Как-то ко мне пришли два брата и попросили рассудить их, по вопросу земли полученной ими в наследство. Каждый из них опасался, что один у другого при делёжке, заберёт себе лучшую и более плодородную часть земли. И тогда я сказал им, пусть один из братьев разделить землю ровно пополам. А второй из братьев получит право, первым выбрать себе свою половину из этих поделённых земель. Надо ли говорить, что первый брат справедливо поделил её, ведь тогда второй брат в любом случае выбрал бы более хорошую часть земли.
А сейчас, те кто находиться у власти, они любят говорить о себе другим, будто они томились у нас в качестве рабов и служили нам. Но на самом деле они занимали социальную нишу вполне заслуженную их поступками. Они представители низших слоев из числа «неприкасаемых».
Высокородным запрещалось к ним даже прикасаться, а не то, чтобы разговаривать с ними. Своими греховными помыслами и действиями они могли осквернить тех, кто соблюдал высокие моральные принципы и поэтому заслуженно занимали высокие посты во главе народа.
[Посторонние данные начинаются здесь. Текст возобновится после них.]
(* Unlike [ge0_le_integral], no measurability is required: for nonnegative
   integrands the integral is the supremum over simple minorants. *)
Lemma ge0_le_integral_nomeas (D : set T) (f g : T -> \bar R) :
  (forall x, D x -> 0 <= f x) -> (forall x, D x -> f x <= g x) ->
  \int[mu]_(x in D) f x <= \int[mu]_(x in D) g x.
Proof.
move=> f0 fg; rewrite ge0_integralE// [leRHS]ge0_integralE; last first.
  by move=> x Dx; rewrite (le_trans (f0 x Dx) (fg x Dx)).
apply: le_ereal_sup => _ [h hf <-]; exists h => // x.
rewrite (le_trans (hf x))// /patch; case: ifPn => // /[1!inE] Dx.
exact: fg.
Qed.

End ge0_le_integral_nomeas.

Section Barenblatt_constants.
Context {R : realType}.
Local Notation mu := (@lebesgue_measure R).

Lemma cos_gt_half_near0 : exists2 r : R, 0 < r <= pi / 2 &
  forall x, - r <= x <= r -> 2^-1 < cos x.
Proof.
have : \forall x \near (0 : R), 2^-1 < cos x.
  have cos_cvg : cos x @[x --> (0 : R)] --> (1 : R).
    by rewrite -cos0; exact: continuous_cos.
  by apply: (cvgr_gt _ cos_cvg); rewrite invf_lt1// ltr1n.
case/nbhs_ballP => d d0 near_cos.
exists (Num.min (d / 2) (pi / 2)).
  by rewrite lt_min !divr_gt0// ?pi_gt0// ge_min lexx orbT.
move=> x hx; apply: near_cos; rewrite -ball_normE /= sub0r normrN.
apply: (le_lt_trans (y := Num.min (d / 2) (pi / 2))); first by rewrite ler_norml.
by rewrite gt_min ltr_pdivrMr// ltr_pMr// ltr1n.
Qed.

Variable m : R.
Hypotheses (m_gt0 : 0 < m) (m_lt1 : m < 1).

Lemma ktilde_gt0 : 0 < ktilde m.
Proof. by rewrite /ktilde divr_gt0 ?subr_gt0// !mulr_gt0// addr_gt0. Qed.

Lemma Ical_gt0 : 0 < Ical m.
Proof.
set e := 2 * m / (1 - m).
have e0 : 0 <= e by rewrite divr_ge0 ?mulr_ge0 ?subr_ge0// ltW.
rewrite /Ical /Rintegral -/e; apply: fine_gt0; apply/andP; split.
- have [r /andP[r0 r_pi] cos_gt] := cos_gt_half_near0.
  set c := 2^-1 `^ e.
  apply: (@lt_le_trans _ _ (\int[mu]_(x in `[(- (pi / 2))%R, (pi / 2)%R]) ((cst c%:E) \_ `[(- r)%R, r] x))%E).
    rewrite -integral_mkcondr setIidr; last first.
      move=> x /=; rewrite !in_itv/= => /andP[h1 h2].
      by rewrite (le_trans _ h1) ?lerN2// (le_trans h2).
    rewrite integral_cst//= lebesgue_measure_itv/= lte_fin gtrN// -EFinD -EFinM lte_fin.
    by rewrite opprK mulr_gt0 ?addr_gt0 ?powR_gt0.
  apply: ge0_le_integral_nomeas => x _; rewrite /patch; case: ifPn => [|_].
  + by rewrite lee_fin powR_ge0.
  + by [].
  + rewrite inE/= in_itv/= => /cos_gt half_lt; rewrite lee_fin.
    by apply: (ge0_ler_powR e0); rewrite ?nnegrE ?invr_ge0 ?ltW// (lt_trans _ half_lt).
  + by rewrite lee_fin powR_ge0.
- apply: (@le_lt_trans _ _ (\int[mu]_(x in `[(- (pi / 2))%R, (pi / 2)%R]) (cst 1%:E x))%E).
    apply: ge0_le_integral_nomeas => x _; rewrite lee_fin ?powR_ge0//.
    have [cos_lt0|cos_ge0] := ltP (cos x) 0; first by rewrite lt0_powR1.
    apply: (@le_trans _ _ (1 `^ e)); last by rewrite powR1.
    by rewrite (ge0_ler_powR e0) ?nnegrE ?cos_le1.
  rewrite integral_cst//= lebesgue_measure_itv/= lte_fin.
  by case: ifPn => _; [rewrite -EFinD mul1e ltry | rewrite mule0 ltry].
Qed.

Lemma Dcal_gt0 : 0 < Dcal m.
Proof. by rewrite /Dcal powR_gt0// divr_gt0 ?Ical_gt0// sqrtr_gt0 ktilde_gt0. Qed.

End Barenblatt_constants.

Section Barenblatt_space_bounds.
Context {R : realType}.
Local Notation mu := (@lebesgue_measure R).
Variable m : R.
Hypotheses (m_gt0 : 0 < m) (m_lt1 : m < 1).

Let nu := Num.min (Dcal m) (ktilde m) / 2.

Let nu_gt0 : 0 < nu.
Proof. by rewrite divr_gt0// lt_min Dcal_gt0 ?ktilde_gt0. Qed.

(* [(1 + y)^2 <= 2 (1 + y^2)] and [2 nu] is below both [D] and [k~]. *)
Let Barenblatt_base_ge (y : R) : nu * (1 + y) ^+ 2 <= Dcal m + ktilde m * y ^+ 2.
Proof.
have nuD : 2 * nu <= Dcal m by rewrite /nu mulrC divfK ?pnatr_eq0// ge_min lexx.
have nuk : 2 * nu <= ktilde m by rewrite /nu mulrC divfK ?pnatr_eq0// ge_min lexx orbT.
have : 0 <= nu * (y - 1) ^+ 2 by rewrite mulr_ge0 ?sqr_ge0 ?ltW.
have : 2 * nu * y ^+ 2 <= ktilde m * y ^+ 2 by rewrite ler_wpM2r ?sqr_ge0.
nra.
Qed.

Lemma Ucal_powR_le (q : R) : 0 < q -> exists2 C : R, 0 <= C & forall t x, 0 < t ->
  (Ucal m t x) `^ q <= C * t `^ (- (alpha m * q)) * decay (t `^ alpha m) (2 * (q / (1 - m))) x.
Proof.
move=> q0; exists (nu `^ (- (q / (1 - m)))); first exact: powR_ge0.
move=> t x t0; set c := t `^ alpha m; set b := q / (1 - m).
have c0 : 0 < c by rewrite powR_gt0.
have b0 : 0 < b by rewrite divr_gt0// subr_gt0.
set y := `|x| / c.
have y0 : 0 <= y by rewrite divr_ge0// ltW.
have base_eq : Dcal m + ktilde m * `|x| ^+ 2 * t `^ (- (2 * alpha m)) = Dcal m + ktilde m * y ^+ 2.
  have -> : t `^ (- (2 * alpha m)) = c ^- 2.
    by rewrite -mulNr mulrC powRrM -powR_invn ?powR_ge0.
  by rewrite /y expr_div_n; ring.
rewrite /Ucal base_eq powRM ?powR_ge0// -!powRrM mulNr [- _ * q]mulNr mulrC.
rewrite [X in _ <= X]mulrAC ler_wpM2r ?powR_ge0//.
have -> : (1 - m)^-1 * q = b by rewrite mulrC.
have base_pos : 0 < nu * (1 + y) ^+ 2 by rewrite mulr_gt0// exprn_gt0// ltr_pwDl.
apply: (le_trans (ler_powRN b0 base_pos (Barenblatt_base_ge y))).
rewrite powRM ?(ltW nu_gt0) ?exprn_ge0 ?addr_ge0//.
by rewrite /decay -(@powR_mulrn _ _ 2) ?addr_ge0// -powRrM mulrN.
Qed.

Lemma integral_Ucal_powR_le (q : R) : 0 < q -> 1 - m < 2 * q ->
  exists2 K : R, 0 <= K & forall t, 0 < t ->
  (\int[mu]_x ((Ucal m t x) `^ q)%:E <= (K * t `^ (alpha m * (1 - q)))%:E)%E.
Proof.
move=> q0 mq; have m1 : 0 < 1 - m by rewrite subr_gt0.
set b := 2 * (q / (1 - m)).
have b1 : 1 < b by rewrite /b mulrA ltr_pdivlMr// mul1r.
have [C C0 U_le] := Ucal_powR_le q0.
exists (2 * (C / (b - 1))); first by rewrite mulr_ge0// divr_ge0// subr_ge0 ltW.
move=> t t0; set M := C * t `^ (- (alpha m * q)).
have M0 : 0 <= M by rewrite mulr_ge0 ?powR_ge0.
apply: (@le_trans _ _ (\int[mu]_x (M * decay (t `^ alpha m) b x)%:E)%E).
  by apply: ge0_le_integral_nomeas => x _; rewrite lee_fin ?powR_ge0 ?U_le.
rewrite integral_decay ?powR_gt0// lee_fin /M.
rewrite [alpha m * (1 - q)]mulrBr mulr1 addrC powRD; last by apply/implyP => _; rewrite gt_eqF.
rewrite le_eqVlt; apply/predU1l; field.
by rewrite addrC subr_eq0 gt_eqF.
Qed.

End Barenblatt_space_bounds.

Section integral_setX_setT.
Context d1 d2 (T1 : measurableType d1) (T2 : measurableType d2) (R : realType).
Variables (m1 : {sigma_finite_measure set T1 -> \bar R})
  (m2 : {sigma_finite_measure set T2 -> \bar R}).
Local Open Scope ereal_scope.

Lemma integral_setX_setT (A : set T1) (f : T1 * T2 -> \bar R) : measurable A ->
  measurable_fun [set: T1 * T2] f -> (forall z, 0 <= f z) ->
  \int[m1 \x m2]_(z in A `*` setT) f z = \int[m1]_(t in A) \int[m2]_x f (t, x).
Proof.
move=> mA mf f0; rewrite integral_mkcond fubini_tonelli1.
- rewrite [RHS]integral_mkcond; apply: eq_integral => t _.
  rewrite /fubini_F /patch; case: ifPn => tA.
    by apply: eq_integral => x _; rewrite ifT// inE; split => //; move: tA; rewrite inE.
  rewrite integral0_eq// => x _; rewrite ifF//; apply/negbTE; apply: contra tA.
  by rewrite !inE => -[].
- apply/(measurable_restrictT _ _).1; first exact: measurableX.
  exact: measurable_funS mf.
- by move=> z; rewrite /patch; case: ifPn.
Qed.

End integral_setX_setT.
Как тебе уже известно, я как раз один из Высокорожденных, именовавшихся в то время «Благородными».
Нам запрещалось проливать любую кровь, даже если это кровь животных. Также под запретом была и мясная пища, ибо она считалась оскверненной. Отведав её мы рисковали стать такими же как «неприкасаемые», подверженные своим животным страстям, пагубным привычкам и велениям похоти. Крайний аскетизм и умеренность во всём, всегда представлялись нашими основополагающими принципами. Будь то в еде, развлечениях или любовных утехах, везде требовалось соблюдать чувство меры.
Мы жили в крайне справедливом общество, поскольку пути наверх нет, если ты не смог побороть свою животную сущность. Ведь чем больше богатств и власти, тем сильнее соблазны утолить свои инстинкты, невзирая на нужды других. Так что любой находящийся на низших ступенях, должен был тяжело и много трудиться. Для того чтобы через страдания своего животного тела, преодолеть себя и взрастить в себе человеческие качества.
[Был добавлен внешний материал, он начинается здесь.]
Lemma round_err x : `|x| <= 1 -> (x - delta * code_val (round x)) ^+ 2 <= delta ^+ 2.
Proof.
move=> x1; have /truncn_grid[jm /andP[lo hi]] : 0 <= `|x| <= 1 by rewrite normr_ge0.
rewrite /code_val /round /= inordK //.
move: lo hi; set j := (Num.truncn _)%:R => lo hi.
by case: ltP => x0; [rewrite ltr0_norm // in lo hi | rewrite ger0_norm // in lo hi]; nra.
Qed.

Lemma round_mag x : `|x| <= 1 -> ((code_mag (round x)) ^ 2)%:R <= x ^+ 2 / delta ^+ 2.
Proof.
move=> x1; have [jm _] : _ /\ _ := truncn_grid (x := `|x|) (ltac:(by rewrite normr_ge0 x1)).
rewrite /code_mag /round /= inordK // natrX -(real_normK (num_real x)).
have x0 := divr_ge0 (normr_ge0 x) (ltW delta_gt0).
by rewrite -expr_div_n lerXn2r ?nnegrE // truncn_le.
Qed.

Variables (p n K s : nat) (M : 'M[R]_(p, n)).

Definition round_mx (a : 'I_p -> 'I_K -> R) : mx_code p K m :=
  [ffun i => [ffun k => round (a i k)]].

Lemma admissible_round_mx a (U : {set 'I_p}) :
  (#|U| <= s.*2)%N -> (forall i, i \notin U -> forall k, a i k = 0) ->
  \sum_i \sum_k a i k ^+ 2 <= 1 ->
  admissible_code s (Num.truncn (delta ^+ 2)^-1) (round_mx a).
Proof.
move=> cardU aU a_le1; have zE i k : round_mx a i k = round (a i k) by rewrite !ffunE.
apply/andP; split.
  apply: leq_trans cardU; apply: subset_leq_card; apply/fintype.subsetP => i.
  rewrite inE; apply: contraR => iU; apply/eqP/ffunP => k.
  by rewrite zE aU // round0 ffunE.
rewrite truncn_ge_nat ?invr_ge0 ?exprn_ge0 ?(ltW delta_gt0) // natr_sum.
apply: (@le_trans _ _ (\sum_i \sum_k a i k ^+ 2 / delta ^+ 2)).
  apply: ler_sum => i _; rewrite natr_sum; apply: ler_sum => k _.
  by rewrite zE round_mag // normr_le1_of_sum_sqr.
rewrite (eq_bigr (fun i => (\sum_k a i k ^+ 2) / delta ^+ 2)) => [|i _]; last first.
  by rewrite mulr_suml.
by rewrite -mulr_suml ler_piMl // invr_ge0 exprn_ge0 // ltW.
Qed.

Definition code := ({ffun 'I_n -> 'I_K} * 'I_m.+1 *
  {z : mx_code p K m | admissible_code s (Num.truncn (delta ^+ 2)^-1) z})%type.

Definition code_point (c : code) : 'M[R]_(p, n) :=
  cluster_point M c.1.1 (fun i k => delta * code_val (val c.2 i k))
    (delta * (c.1.2 : nat)%:R).

Lemma code_point_approx (f : {ffun 'I_n -> 'I_K}) a tau (U : {set 'I_p}) :
  (#|U| <= s.*2)%N -> (forall i, i \notin U -> forall k, a i k = 0) ->
  0 <= tau -> \sum_i \sum_k a i k ^+ 2 + tau ^+ 2 = 1 ->
  exists c : code, sqfrob (cluster_point M f a tau - code_point c) <=
                   ((s.*2 * K)%:R + 1) * delta ^+ 2.
Proof.
move=> cardU aU tau0 norm1.
have sum_ge0 : 0 <= \sum_i \sum_k a i k ^+ 2.
  by apply: sumr_ge0 => i _; apply: sumr_ge0 => k _; apply: sqr_ge0.
have a_le1 : \sum_i \sum_k a i k ^+ 2 <= 1 by have := sqr_ge0 tau; lra.
have tau_sq : tau ^+ 2 <= 1 by lra.
have tau1 : tau <= 1 by nra.
have a1 i k : `|a i k| <= 1 by exact: normr_le1_of_sum_sqr a_le1.
pose z := round_mx a; have z_adm := admissible_round_mx cardU aU a_le1.
pose ti : 'I_m.+1 := inord (Num.truncn (tau / delta)).
exists (f, ti, exist _ z z_adm).
have zE i k : z i k = round (a i k) by rewrite !ffunE.
rewrite cluster_pointB; apply: le_trans (sqfrob_cluster_point_le _ _ _ _) _.
rewrite mulrDl mul1r; apply: lerD => /=.
  rewrite (bigID (mem U)) /= [X in _ + X]big1 ?addr0 => [|i iU]; last first.
    by apply: big1 => k _; rewrite zE aU // round0 /code_val !mulr0 subr0 expr0n.
  apply: (@le_trans _ _ (\sum_(i in U) delta ^+ 2 *+ K)).
    apply: ler_sum => i _; rewrite -[K in X in _ <= X]card_ord -sumr_const.
    by apply: ler_sum => k _; rewrite zE round_err.
  rewrite sumr_const -mulrnA mulnC mulr_natl.
  by apply: ler_wpMn2l; rewrite ?exprn_ge0 ?(ltW delta_gt0) // leq_mul2r cardU orbT.
have /truncn_grid[jm /andP[lo hi]] : 0 <= tau <= 1 by rewrite tau0.
by rewrite /ti inordK //; nra.
Qed.

End Quantization.

Lemma expR_half_le2 (R : realType) : expR (1 / 2 : R) <= 2.
Proof.
have := expR_ge1Dx (- (1 / 2) : R); rewrite expRN.
have := expR_gt0 (1 / 2 : R); set x := expR _ => x0 hx.
have : (1 - 1 / 2) * x <= x^-1 * x by rewrite ler_pM2r.
by rewrite mulVf ?gt_eqF //; lra.
Qed.

Lemma ln_ge_half (R : realType) (w : R) : 2 <= w -> 1 / 2 <= ln w.
Proof.
move=> w2; rewrite -[X in X <= _]expRK ler_ln ?posrE ?expR_gt0 //; last lra.
exact: le_trans (expR_half_le2 R) w2.
Qed.

Lemma exprn_ge_1Dmul (R : realType) (w : R) k : 2 <= w -> 1 + w * k%:R <= w ^+ k.+1.
Proof.
move=> w2; elim: k => [|k IH]; first by rewrite mulr0 addr0 expr1; lra.
have wX : w <= w ^+ k.+1 by rewrite -[X in X <= _]expr1 ler_eXn2l //; lra.
by rewrite [X in _ <= X]exprS -natr1; nra.
Qed.

Lemma exprn_expR (R : realType) (x : R) k : 0 < x -> x ^+ k = expR (k%:R * ln x).
Proof. by move=> x0; rewrite expRM_natl lnK ?posrE. Qed.

Section GridBounds.
Variables (R : realType) (s K : nat) (eps : R).
Hypotheses (s_gt0 : (0 < s)%N) (K_gt0 : (0 < K)%N) (eps_gt0 : 0 < eps) (eps_le2 : eps <= 2).

Local Notation D := (s.*2 * K)%N.
Let DE : (D%:R : R) = 2 * s%:R * K%:R.
Proof. by rewrite -muln2 !natrM; ring. Qed.
Let D_ge1 : (1 : R) <= D%:R.
Proof. by rewrite ler1n muln_gt0 double_gt0 s_gt0. Qed.
Local Notation w := (6 / eps).
Let w_ge3 : 3 <= w.
Proof. by rewrite ler_pdivlMr //; have := eps_le2; lra. Qed.
Let lnw_ge_half : 1 / 2 <= ln w.
Proof. by apply: ln_ge_half; have := w_ge3; lra. Qed.

Definition grid_step : R := eps / (4 * Num.sqrt (s.*2 * K)%:R).

Local Notation m := (Num.truncn grid_step^-1).
Local Notation r := (Num.truncn (grid_step ^+ 2)^-1).

Let sqrtD_gt0 : 0 < Num.sqrt (D%:R : R).
Proof. by rewrite sqrtr_gt0 (lt_le_trans ltr01 D_ge1). Qed.

Lemma grid_step_gt0 : 0 < grid_step.
Proof. by rewrite divr_gt0 // mulr_gt0. Qed.

Lemma grid_step_sqr : grid_step ^+ 2 = eps ^+ 2 / (16 * (s.*2 * K)%:R).
Proof.
rewrite /grid_step expr_div_n exprMn sqr_sqrtr ?ler0n //; field.
by rewrite !pnatr_eq0 -!lt0n K_gt0 double_gt0.
Qed.

Lemma grid_size_le : (m.+1%:R : R) <= expR (D.+1%:R * ln w).
Proof.
rewrite -exprn_expR ?(lt_le_trans _ w_ge3) //.
apply: le_trans (exprn_ge_1Dmul _ (_ : 2 <= w)); last by have := w_ge3; lra.
rewrite -natr1 addrC lerD2l.
have m_le : (m%:R : R) <= grid_step^-1 by rewrite truncn_le invr_ge0 ltW ?grid_step_gt0.
have sqrtD_le : Num.sqrt (D%:R : R) <= D%:R.
  rewrite -{2}(sqr_sqrtr (ler0n _ D)) expr2 ler_peMr // -[X in X <= _]sqrtr1.
  by rewrite ler_sqrt.
apply: (le_trans m_le); rewrite /grid_step invf_div mulrAC.
apply: ler_pM; rewrite ?divr_ge0 ?sqrtr_ge0 ?(ltW eps_gt0) //.
by rewrite ler_pM2r ?invr_gt0 //; lra.
Qed.

Local Notation q := (1 + eps ^+ 2 / 32)^-1.
Let q_gt0 : 0 < q.
Proof. by rewrite invr_gt0 ltr_wpDr ?divr_ge0 ?exprn_ge0 ?ltW. Qed.
Let q_lt1 : q < 1.
Proof.
by rewrite invf_lt1 ?ltrDl ?divr_gt0 ?exprn_gt0 // ltr_wpDr ?divr_ge0 ?exprn_ge0 ?ltW.
Qed.

Lemma theta_sum_le_pow : theta_sum m q <= w ^+ 4.
Proof.
have E0 : 0 < eps ^+ 2 by rewrite exprn_gt0.
have E4 : eps ^+ 2 <= 4 by have := eps_gt0; have := eps_le2; nra.
apply: (le_trans (theta_sum_le _ _)); first by rewrite ltW ?q_gt0 ?q_lt1.
have -> : 2 / (1 - q) = (64 + 2 * eps ^+ 2) / eps ^+ 2.
  by field; rewrite ?gt_eqF //; lra.
have -> : w ^+ 4 = 1296 / (eps ^+ 2 * eps ^+ 2) by field; rewrite gt_eqF.
rewrite ler_pdivlMr ?mulr_gt0 //.
have -> : (64 + 2 * eps ^+ 2) / eps ^+ 2 * (eps ^+ 2 * eps ^+ 2) =
          (64 + 2 * eps ^+ 2) * eps ^+ 2 by field; rewrite gt_eqF.
nra.
Qed.

(* [q ^+ r >= exp (- r eps^2 / 32)] and [r <= grid_step^-2 = 32 s K / eps^2]. *)
Lemma radius_weight_le : (q ^+ r)^-1 <= expR (s%:R * K%:R).
Proof.
rewrite exprVn invrK; set al := eps ^+ 2 / 32.
apply: (@le_trans _ _ (expR al ^+ r)).
  by apply: lerXn2r; rewrite ?nnegrE ?expR_ge0 ?expR_ge1Dx // addr_ge0 ?divr_ge0 ?exprn_ge0 ?ltW.
rewrite -expRM_natl ler_expR.
have r_le : (r%:R : R) <= (grid_step ^+ 2)^-1.
  by rewrite truncn_le invr_ge0 exprn_ge0 // ltW ?grid_step_gt0.
have -> : s%:R * K%:R = (grid_step ^+ 2)^-1 * al.
  by rewrite grid_step_sqr invf_div DE /al; field; rewrite gt_eqF.
by rewrite ler_wpM2r // divr_ge0 ?exprn_ge0 ?ltW.
Qed.

Lemma grid_error_le : ((s.*2 * K)%:R + 1) * grid_step ^+ 2 <= eps ^+ 2 / 4.
Proof.
have D_gt0 : (0 : R) < D%:R by exact: lt_le_trans ltr01 D_ge1.
have -> : (D%:R + 1) * grid_step ^+ 2 =
    eps ^+ 2 / 4 - eps ^+ 2 * (3 * D%:R - 1) / (16 * D%:R).
  by rewrite grid_step_sqr; field; rewrite !pnatr_eq0 -!lt0n K_gt0 double_gt0.
rewrite lerBlDr lerDl; apply: divr_ge0; last by rewrite mulr_ge0 // ltW.
by rewrite mulr_ge0 ?sqr_ge0 //; have := D_ge1; lra.
Qed.

Lemma card_admissible_le_expR p : (s <= p)%N ->
  #|[pred z : mx_code p K m | admissible_code s r z]|%:R <=
    expR (s%:R + s%:R * K%:R + 2 * s%:R * ln (p%:R / s%:R) + 8 * (s%:R * K%:R) * ln w).
Proof.
move=> sp; set th := theta_sum m q.
have th_ge1 : 1 <= th ^+ K by rewrite exprn_ege1 // theta_sum_ge1 ?ltW.
have s_pos : (0 : R) < s%:R by rewrite ltr0n.
have p_pos : (0 : R) < p%:R by rewrite ltr0n (leq_trans s_gt0).
set y := s%:R / (p%:R * th ^+ K).
have y_gt0 : 0 < y by rewrite divr_gt0 // mulr_gt0 // (lt_le_trans ltr01).
have y_le1 : y <= 1.
  rewrite /y ler_pdivrMr; last by rewrite mulr_gt0 // (lt_le_trans ltr01).
  have : (s%:R : R) <= p%:R by rewrite ler_nat.
  have : (p%:R : R) <= p%:R * th ^+ K by rewrite ler_peMr ?ler0n.
  lra.
have th_ge0 : 0 <= th by rewrite (le_trans ler01) ?theta_sum_ge1 ?ltW.
have row_bound : (1 + y * th ^+ K) ^+ p <= expR s%:R.
  have -> : y * th ^+ K = s%:R / p%:R.
    by rewrite /y invfM mulrA divfK // gt_eqF // (lt_le_trans ltr01).
  have -> : expR (s%:R : R) = expR (s%:R / p%:R) ^+ p.
    by rewrite -expRM_natl mulrC divfK // gt_eqF.
  by apply: lerXn2r; rewrite ?nnegrE ?expR_ge0 ?expR_ge1Dx // addr_ge0 ?divr_ge0 ?ler0n.
have sparsity_bound :
    (y ^+ s.*2)^-1 <= expR (2 * s%:R * ln (p%:R / s%:R) + 8 * (s%:R * K%:R) * ln w).
  rewrite -exprVn invf_div mulrAC exprMn -exprM expRD.
  have -> : 2 * s%:R = (s.*2)%:R :> R by rewrite -muln2 natrM mulrC.
  have -> : 8 * (s%:R * K%:R) = (4 * (K * s.*2))%:R :> R by rewrite -muln2 !natrM; ring.
  rewrite -!exprn_expR ?divr_gt0 ?(lt_le_trans _ w_ge3) // [w ^+ _]exprM.
  apply: ler_wpM2l; first by rewrite exprn_ge0 // divr_ge0 ?ltW.
  have w_ge0 : 0 <= w by apply: le_trans w_ge3.
  by apply: lerXn2r; rewrite ?nnegrE ?exprn_ge0 //; apply: theta_sum_le_pow.
apply: (le_trans (card_admissible_code_le p K m s r q_gt0 (ltW q_lt1) y_gt0 y_le1)).
rewrite (invfM (q ^+ r)) [X in X <= _]mulrA -addrA expRD (expRD s%:R).
have base_ge0 : 0 <= 1 + y * th ^+ K.
  by have := mulr_ge0 (ltW y_gt0) (exprn_ge0 K th_ge0); lra.
apply: ler_pM; rewrite ?invr_ge0 ?exprn_ge0 ?(ltW y_gt0) //.
  by rewrite divr_ge0 ?exprn_ge0 ?(ltW q_gt0).
apply: ler_pM; rewrite ?invr_ge0 ?exprn_ge0 ?(ltW q_gt0) //; exact: radius_weight_le.
Qed.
Но как мы оказались наивны, слепо полагая, будто всё будет так же, как нам завещали наши отцы, а им в свою очередь завещали их отцы. Пока не осознали, как «неприкасаемые» недовольные тем, что им не дают возможности всласть утолять их животные потребности, решились поднять бунт. И у них ничего не получилось бы, если бы им не оказали помощь со стороны. Так называемые рабы, захватившие трон в столице, перерезали всю высшую знать и устроили погромы по всему граду. Началась междоусобная война, и никто не знал с кем воюет, казалось словно все против всех.
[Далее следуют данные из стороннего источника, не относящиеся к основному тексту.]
(* An injection K -> X * Y would have bounded fibres over X (they inject into Y), and a common
   bound b of these bounds would lie below itself. *)
Lemma small_prod {X Y} : small X -> small Y -> small (X * Y).
Proof.
move=> sX sY [g g_inj].
have bound_fiber x : exists b, forall k, (g k).1 = x -> lt k b.
  pose h (s : {k | (g k).1 = x}) : Y := (g (proj1_sig s)).2.
  have h_inj : injective h.
    move=> [k1 e1] [k2 e2] /= e; apply: subset_eq_compat; apply: g_inj.
    by rewrite [g k1]surjective_pairing [g k2]surjective_pairing e1 e2 /h /= in e *; rewrite e.
  have [b Hb] := bounded_small_image (@proj1_sig _ _) (small_inj h_inj sY).
  by exists b => k e; apply: (Hb (exist _ k e)).
pose beta x := proj1_sig (constructive_indefinite_description _ (bound_fiber x)).
have betaP x k : (g k).1 = x -> lt k (beta x).
  by rewrite /beta; case: constructive_indefinite_description => /= b; apply.
have [b Hb] := bounded_small_image beta sX.
exact: (lt_irrefl b (lt_trans (betaP _ b erefl) (Hb (g b).1))).
Qed.

Lemma bounded_sub {U V : K -> Prop} : (forall k, U k -> V k) -> bounded V -> bounded U.
Proof. by move=> UV [b Hb]; exists b => k /UV /Hb. Qed.

Lemma bounded1 x : bounded (fun k => k = x).
Proof.
have [b Hb] := bounded_small_image (fun _ : unit => x) small_unit.
by exists b => k ->; apply: (Hb tt).
Qed.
Вскоре пожар гражданской войны охватил и все остальные города Империи, включая и наш город, называвшийся в ту пору иначе. Ещё вчерашние «животные» врывались в дома «Благородных», разбивали камнями головы своим благодетелям, хватали и насиловали женщин всех возрастов. Грабили, воровали и убивали, будто звери обезумевшие от рек пролитой крови. Дорвавшиеся до власти проходимцы объявляли себя новыми правителями и хозяевами здешних земель, создавая условия ещё более невыносимые, для тех кто вдруг оказался в самом низу социума.
Став новыми хозяевами, они издавали новые законы и проводили чудовищную политику геноцида. Получалась забавная ситуация, что бывшие «изгои», принадлежавшие к низшим слоям отверженных в силу своего происхождения, оказались ещё более жестокими и бесчеловечными по отношению к тем, кто прежде значился выше их «по линии крови». Больше всего они ненавидели высшие касты, поскольку в отличие от них, они представляли собой ум и образованность, продвигая науку и просвещение в массы.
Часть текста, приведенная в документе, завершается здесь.